KNN Settings and statistics
The KNN plugin adds several new index settings, cluster settings, and statistics.
Index settings
The default values should work well for most use cases, but you can change these settings when you create the index.
Setting | Default | Description |
---|---|---|
index.knn.algo_param.ef_search | 512 | The size of the dynamic list used during KNN searches. Higher values lead to more accurate, but slower searches. |
index.knn.algo_param.ef_construction | 512 | The size of the dynamic list used during KNN graph creation. Higher values lead to a more accurate graph, but slower indexing speed. |
index.knn.algo_param.m | 16 | The number of bidirectional links that the plugin creates for each new element. Increasing and decreasing this value can have a large impact on memory consumption.
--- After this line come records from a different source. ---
(* Let $\mathbb{T}=\mathbb{R}/\mathbb{Z}$ and let $u:\mathbb{T}\times[0,T]\to\mathbb{R}$ be smooth with $u_{xx}\in C(\mathbb{T}\times[0,T])$. Then there exists $C>0$ such that, when $\Delta t$ is sufficiently small, for all $n\in\{0,\dots,N-1\}$, $$\frac12\le\frac{1}{1+C\Delta t_n}\le|X^n|_{W^{1,\infty}(\mathbb{T})}\le1+C\Delta t_n\le\frac32,\qquad |X^n|_{W^{2,\infty}(\mathbb{T})}\le C\Delta t_n.$$
   Context: Temporal mesh $0=t^0<\dots<t^N=T$, $\Delta t_n=t^{n+1}-t^n$, $\Delta t=\max_n\Delta t_n$. $X^n(x)=x-\Delta t_n(\tfrac16k_1^n+\tfrac46k_2^n+\tfrac16k_3^n)(x)$ with $k_1^n(x)=u(x,t^{n+1})$, $k_2^n(x)=u(x-\tfrac{\Delta t_n}{2}k_1^n(x),t^{n+1}-\tfrac{\Delta t_n}{2})$, $k_3^n(x)=u(x-\Delta t_n(-k_1^n(x)+2k_2^n(x)),t^{n+1}-\Delta t_n)$. Seminorms: $|f|_{W^{m,\infty}(\mathbb{T})}=\|D^mf\|_{L^\infty(\mathbb{T})}$, $D=d/dx$. *)

From Stdlib Require Import Reals.
From Coquelicot Require Import Coquelicot.
Open Scope R_scope.

(* Stages of the third-order (Kutta) RK characteristic foot map.
   tn1 = t^{n+1}, dt = Delta t_n. *)
Definition k1 (u : R -> R -> R) (tn1 : R) (x : R) : R := u x tn1.

Definition k2 (u : R -> R -> R) (tn1 dt : R) (x : R) : R :=
  u (x - dt / 2 * k1 u tn1 x) (tn1 - dt / 2).

Definition k3 (u : R -> R -> R) (tn1 dt : R) (x : R) : R :=
  u (x - dt * (- k1 u tn1 x + 2 * k2 u tn1 dt x)) (tn1 - dt).

Definition Xmap (u : R -> R -> R) (tn1 dt : R) (x : R) : R :=
  x - dt * (1/6 * k1 u tn1 x + 4/6 * k2 u tn1 dt x + 1/6 * k3 u tn1 dt x).

Definition Xn (u : R -> R -> R) (t : nat -> R) (n : nat) : R -> R :=
  Xmap u (t (S n)) (t (S n) - t n).

(* |f|_{W^{m,oo}(T)} = || D^m f ||_{L^oo} (sup over R = sup over one period
   for 1-periodic D^m f), as an extended real (a least upper bound). *)
Definition Winf_semi (m : nat) (f : R -> R) : Rbar :=
  Lub_Rbar (fun r => exists x : R, r = Rabs (Derive_n f m x)).

Definition is_mesh (T : R) (N : nat) (t : nat -> R) : Prop :=
  t O = 0 /\ t N = T /\ (forall n, (n < N)%nat -> t n < t (S n)).

Fixpoint mesh_max (t : nat -> R) (N : nat) : R :=
  match N with
  | O => 0
  | S k => Rmax (mesh_max t k) (t (S k) - t k)
  end.

(* continuity of f on T x [0,T] (i.e. on R x [0,T], relative topology) *)
Definition cont_on_strip (T : R) (f : R -> R -> R) : Prop :=
  forall x s, 0 <= s <= T ->
    filterlim (fun p : R * R => f (fst p) (snd p))
      (within (fun p : R * R => 0 <= snd p <= T) (locally (x, s)))
      (locally (f x s)).

From Stdlib Require Import Reals Lra Lia Psatz List Classical ClassicalEpsilon.
From Coquelicot Require Import Coquelicot.
Open Scope R_scope.

(* X^n is a perturbation of the identity of size dt: differentiating the three
   Runge-Kutta stages with the chain rule gives X' = 1 - dt * (...) and X'' = dt * (...),
   where the brackets are polynomials in the values of u_x and u_xx at three time
   levels, hence bounded by 3 M^3 and 12 M^5 with M >= 1 a bound of |u_x| and |u_xx|.
   Such an M exists because u_x and u_xx are 1-periodic in x (derivatives of a periodic
   function) and continuous on the compact box [0,1] x [0,T].  With C = 12 M^5 and
   C dt <= 1/2 this gives |X' - 1| <= C dt / 4 and |X''| <= C dt, and the lower bound
   follows from 1/(1+h) <= 1 - h/4 for 0 <= h <= 1/2. *)

Lemma periodic_shift_IZR (f : R -> R) :
  (forall x, f (x + 1) = f x) -> forall k x, f (x + IZR k) = f x.
Proof.
  intros Hper k. induction k using Z.peano_ind; intros x.
  - now rewrite Rplus_0_r.
  - rewrite succ_IZR, <- Rplus_assoc, Hper. apply IHk.
  - rewrite <- (IHk x), <- Z.sub_1_r, minus_IZR.
    replace (x + IZR k) with (x + (IZR k - 1) + 1) by ring.
    now rewrite Hper.
Qed.

Lemma periodic_derive (f f' : R -> R) :
  (forall x, f (x + 1) = f x) -> (forall x, is_derive f x (f' x)) ->
  forall x, f' (x + 1) = f' x.
Proof.
  intros Hper Hf x.
  assert (Hshift : is_derive (fun y => f (y + 1)) x (f' (x + 1))).
  { auto_derive.
    - now exists (f' (x + 1)).
    - rewrite Rmult_1_l. apply is_derive_unique, Hf. }
  rewrite <- (is_derive_unique _ _ _ Hshift), <- (is_derive_unique _ _ _ (Hf x)).
  apply Derive_ext. exact Hper.
Qed.

Lemma list_upper_bound {A : Type} (g : A -> R) (l : list A) :
  exists B, forall a, In a l -> g a <= B.
Proof.
  induction l as [|a0 l [B HB]].
  - now exists 0.
  - exists (Rmax (g a0) B). intros a [<-|Ha].
    + apply Rmax_l.
    + eapply Rle_trans; [apply HB, Ha|apply Rmax_r].
Qed.

Lemma locally_bounded_box_bounded (g : R -> R -> R) (a b c d : R) :
  (forall x s, a <= x <= b -> c <= s <= d ->
     exists (e : posreal) (B : R), forall y r, c <= r <= d ->
       Rabs (y - x) < e -> Rabs (r - s) < e -> Rabs (g y r) <= B) ->
  exists B, forall x s, a <= x <= b -> c <= s <= d -> Rabs (g x s) <= B.
Proof.
  intros Hloc.
  assert (Hgauge : forall p : R * (R * unit), exists eB : posreal * R,
    a <= fst p <= b -> c <= fst (snd p) <= d ->
    forall y r, c <= r <= d -> Rabs (y - fst p) < fst eB ->
      Rabs (r - fst (snd p)) < fst eB -> Rabs (g y r) <= snd eB).
  { intros [x [s []]]; simpl.
    destruct (classic (a <= x <= b /\ c <= s <= d)) as [[Hx Hs]|Hout].
    - destruct (Hloc x s Hx Hs) as [e [B HB]]. now exists (e, B).
    - exists (mkposreal 1 Rlt_0_1, 0). tauto. }
  destruct (choice _ Hgauge) as [eB HeB].
  apply NNPP. intros Hnot.
  apply (compactness_list 2 (a, (c, tt)) (b, (d, tt)) (fun p => fst (eB p))).
  intros [l Hcover]. apply Hnot.
  destruct (list_upper_bound (fun p => snd (eB p)) l) as [B HB].
  exists B. intros x s Hx Hs.
  destruct (Hcover (x, (s, tt))) as [[y [r []]] [Hin [[Hy [Hr _]] [Hxy [Hsr _]]]]];
    [simpl; tauto|].
  eapply Rle_trans; [|apply (HB _ Hin)].
  now apply (HeB (y, (r, tt))).
Qed.

Lemma cont_on_strip_locally_bounded (T : R) (f : R -> R -> R) :
  cont_on_strip T f -> forall x s, 0 <= s <= T ->
  exists (e : posreal) (B : R), forall y r, 0 <= r <= T ->
    Rabs (y - x) < e -> Rabs (r - s) < e -> Rabs (f y r) <= B.
Proof.
  intros Hcont x s Hs.
  destruct (Hcont x s Hs _ (locally_ball (f x s) (mkposreal 1 Rlt_0_1))) as [e He].
  exists e, (Rabs (f x s) + 1). intros y r Hr Hy Hsr.
  assert (Hball : Rabs (f y r - f x s) < 1) by (apply (He (y, r)); [split|]; assumption).
  pose proof (Rabs_triang_inv (f y r) (f x s)). lra.
Qed.

Lemma cont_on_strip_periodic_bounded (T : R) (f : R -> R -> R) :
  cont_on_strip T f -> (forall x s, 0 <= s <= T -> f (x + 1) s = f x s) ->
  exists B, forall x s, 0 <= s <= T -> Rabs (f x s) <= B.
Proof.
  intros Hcont Hper.
  destruct (locally_bounded_box_bounded f 0 1 0 T) as [B HB].
  { intros x s _ Hs. now apply cont_on_strip_locally_bounded. }
  exists B. intros x s Hs.
  destruct (base_Int_part x) as [Hlow Hup].
  replace x with (x - IZR (Int_part x) + IZR (Int_part x)) by ring.
  rewrite (periodic_shift_IZR (fun y => f y s) (fun y => Hper y s Hs)).
  apply HB; [lra|exact Hs].
Qed.

Lemma Rabs_plus_le (p q P Q : R) : Rabs p <= P -> Rabs q <= Q -> Rabs (p + q) <= P + Q.
Proof. intros. eapply Rle_trans; [apply Rabs_triang|lra]. Qed.

Lemma Rabs_minus_le (p q P Q : R) : Rabs p <= P -> Rabs q <= Q -> Rabs (p - q) <= P + Q.
Proof. intros. eapply Rle_trans; [apply Rabs_triang|]. rewrite Rabs_Ropp. lra. Qed.

Lemma Rabs_opp_le (p P : R) : Rabs p <= P -> Rabs (- p) <= P.
Proof. now rewrite Rabs_Ropp. Qed.

Lemma Rabs_mult_le (p q P Q : R) : Rabs p <= P -> Rabs q <= Q -> Rabs (p * q) <= P * Q.
Proof. intros. rewrite Rabs_mult. apply Rmult_le_compat; auto using Rabs_pos. Qed.

Lemma Rabs_nonneg_le (p : R) : 0 <= p -> Rabs p <= p.
Proof. intros. now rewrite Rabs_pos_eq. Qed.

Definition chain1 (f' g g' : R -> R) (x : R) : R := g' x * f' (g x).

Definition chain2 (f' f'' g g' g'' : R -> R) (x : R) : R :=
  g'' x * f' (g x) + g' x * (g' x * f'' (g x)).

Section ChainBounds.
Variables (M : R) (f' f'' : R -> R).
Hypothesis Hf' : forall y, Rabs (f' y) <= M.
Hypothesis Hf'' : forall y, Rabs (f'' y) <= M.

Lemma Rabs_chain1_le (g g' : R -> R) (x Q : R) :
  Rabs (g' x) <= Q -> Rabs (chain1 f' g g' x) <= Q * M.
Proof. intros. now apply Rabs_mult_le. Qed.

Lemma Rabs_chain2_le (g g' g'' : R -> R) (x P Q : R) :
  Rabs (g'' x) <= P -> Rabs (g' x) <= Q ->
  Rabs (chain2 f' f'' g g' g'' x) <= P * M + Q * (Q * M).
Proof. intros. unfold chain2. auto using Rabs_plus_le, Rabs_mult_le. Qed.

End ChainBounds.

(* [bound_abs] splits a goal [Rabs e <= ?B] along the structure of [e] (triangle
   inequality, multiplicativity, the chain-rule bounds, hints in [abs_bounds]) down to
   hypotheses [forall y, Rabs (f y) <= M] and nonnegative constants, instantiating
   [?B] with the resulting bound. *)
Create HintDb abs_bounds.

Ltac bound_abs :=
  repeat first
    [ eassumption
    | solve [eauto 1 with nocore abs_bounds]
    | apply Rabs_chain1_le | apply Rabs_chain2_le
    | apply Rabs_plus_le | apply Rabs_minus_le | apply Rabs_opp_le
    | apply Rabs_mult_le
    | match goal with H : forall y, Rabs (?f y) <= _ |- Rabs (?f _) <= _ => apply H end
    | apply Rabs_nonneg_le; lra ].

Section RK3Foot.
Variables (a b c : R -> R) (dt : R).

Definition stage2 (x : R) : R := x - dt / 2 * a x.
Definition stage3 (x : R) : R := x - dt * (- a x + 2 * b (stage2 x)).
Definition foot (x : R) : R :=
  x - dt * (1/6 * a x + 4/6 * b (stage2 x) + 1/6 * c (stage3 x)).

Variables (a' b' c' a'' b'' c'' : R -> R).

Definition stage2' (x : R) : R := 1 - dt / 2 * a' x.
Definition stage2'' (x : R) : R := - (dt / 2 * a'' x).
Definition stage3' (x : R) : R :=
  1 - dt * (- a' x + 2 * chain1 b' stage2 stage2' x).
Definition stage3'' (x : R) : R :=
  - (dt * (- a'' x + 2 * chain2 b' b'' stage2 stage2' stage2'' x)).
Definition foot' (x : R) : R :=
  1 - dt * (1/6 * a' x + 4/6 * chain1 b' stage2 stage2' x
            + 1/6 * chain1 c' stage3 stage3' x).
Definition foot'' (x : R) : R :=
  - (dt * (1/6 * a'' x + 4/6 * chain2 b' b'' stage2 stage2' stage2'' x
           + 1/6 * chain2 c' c'' stage3 stage3' stage3'' x)).
(* Let $\Lambda_f$ be a uniformly random numerical semigroup with Frobenius number $f$, and $m(\Lambda_f)$ its multiplicity. Then for every integer $k$: \[\lim_{f\to\infty,\ f \text{ even}} \mathbb{P}[f - 2m(\Lambda_f) = 2k] = \begin{cases} C_0^{-1} 2^{k-1} & k < 0,\\ 0 & k = 0,\\ C_0^{-1} 2^{-3k-1} S(2k) & k > 0;\end{cases}\] \[\lim_{f\to\infty,\ f \text{ odd}} \mathbb{P}[f - 2m(\Lambda_f) = 2k+1] = \begin{cases} C_1^{-1} 2^{(2k-1)/2} & k < 0,\\ C_1^{-1} 2^{-(6k+5)/2} S(2k+1) & k \geq 0.\end{cases}\]
   Context: A numerical semigroup is a subset $\Lambda \subseteq \mathbb{N}_0$ containing $0$, closed under addition, with finite complement; its multiplicity is $\min(\Lambda\setminus\{0\})$, its conductor is the least $c$ with $c + \mathbb{N}_0 \subseteq \Lambda$, and its Frobenius number is the conductor minus $1$. $\operatorname{Fr}(f)$ denotes the number of numerical semigroups with Frobenius number $f$, and $C_0 = \lim_{f\ \text{even}} 2^{-f/2}\operatorname{Fr}(f)$, $C_1 = \lim_{f\ \text{odd}} 2^{-f/2}\operatorname{Fr}(f)$ (these limits exist and are positive constants, by Backelin). For $j \geq 1$, $S(j)$ is the number of numerical semigroups with multiplicity $j+1$ and Frobenius number $3j+2$. *)

From Stdlib Require Import Reals ClassicalEpsilon ZArith.
From Coquelicot Require Import Coquelicot.
From mathcomp Require Import all_boot.

Set Implicit Arguments.
Unset Strict Implicit.
Unset Printing Implicit Defensive.

Definition is_numerical_semigroup (L : nat -> Prop) : Prop :=
  L 0%N /\ (forall x y, L x -> L y -> L (x + y)%N) /\
  (exists N, forall n, (N <= n)%N -> L n).

Definition is_conductor (L : nat -> Prop) (c : nat) : Prop :=
  (forall n, (c <= n)%N -> L n) /\
  (forall c', (forall n, (c' <= n)%N -> L n) -> (c <= c')%N).

(* Frobenius number f (f a natural number) = conductor - 1, i.e. conductor = f+1 *)
Definition has_frobenius (L : nat -> Prop) (f : nat) : Prop := is_conductor L f.+1.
Keep this value between 2-100. |
index.knn.space_type | “l2” | The vector space used to calculate the distance between vectors. Currently, the KNN plugin supports the l2 space (Euclidean distance) and cosinesimil space (cosine similarity). For more information on these spaces, refer to the NMSLIB documentation. |
Cluster settings
Setting | Default | Description |
---|---|---|
knn.algo_param.index_thread_qty | 1 | The number of threads used for graph creation. Keeping this value low reduces the CPU impact of the KNN plugin, but also reduces indexing performance. |
knn.cache.item.expiry.enabled | false | Whether to remove graphs that have not been accessed for a certain duration from memory. |
knn.cache.item.expiry.minutes | 3h | If enabled, the idle time before removing a graph from memory. |
knn.circuit_breaker.unset.percentage | 75.0 | The native memory usage threshold for the circuit breaker. Memory usage must be below this percentage of knn.memory.circuit_breaker.limit for knn.circuit_breaker.triggered to remain false. |
knn.circuit_breaker.triggered | false | True when memory usage exceeds the knn.circuit_breaker.unset.percentage value. |
knn.memory.circuit_breaker.limit | 60% | The native memory limit for graphs. At the default value, if a machine has 100 GB of memory and the JVM uses 32 GB, KNN uses 60% of the remaining 68 GB (40.8 GB). If memory usage exceeds this value, KNN removes the least recently used graphs. |
knn.memory.circuit_breaker.enabled | true | Whether to enable the KNN memory circuit breaker. |
knn.plugin.enabled | true | Enables or disables the KNN plugin. |
Statistics
KNN includes statistics that can give you a sense for how the plugin is performing:
GET _opendistro/_knn/stats
You can also filter by node and/or statistic:
GET /_opendistro/_knn/nodeId1,nodeId2/stats/statName1,statName2
Statistic | Description |
---|---|
totalLoadTime | The time in nanoseconds that KNN has taken to load graphs into the cache. |
evictionCount | The number of graphs that have been evicted from the cache due to memory constraints or idle time. |
hitCount | The number of cache hits. A cache hit occurs when a user queries a graph and it is already loaded into memory. |
cacheCapacityReached | Whether knn.memory.circuit_breaker.limit has been reached. |
loadSuccessCount | The number of times KNN successfully loaded a graph into the cache. |
graphMemoryUsage | Current cache size (total size of all graphs in memory) in kilobytes. |
missCount | The number of cache misses. A cache miss occurs when a user queries a graph and it has not yet been loaded into memory. |
loadExceptionCount | The number of times an exception occurred when trying to load a graph into the cache. |
script_compilations | The number of times the KNN script has been compiled. This value should usually be 1 or 0, but if the cache containing the compiled scripts is filled, the KNN script might be recompiled. |
script_compilation_errors | The number of errors during script compilation. |
script_query_requests | The number of query requests that use the KNN script. |
script_query_errors | The number of errors during script queries. |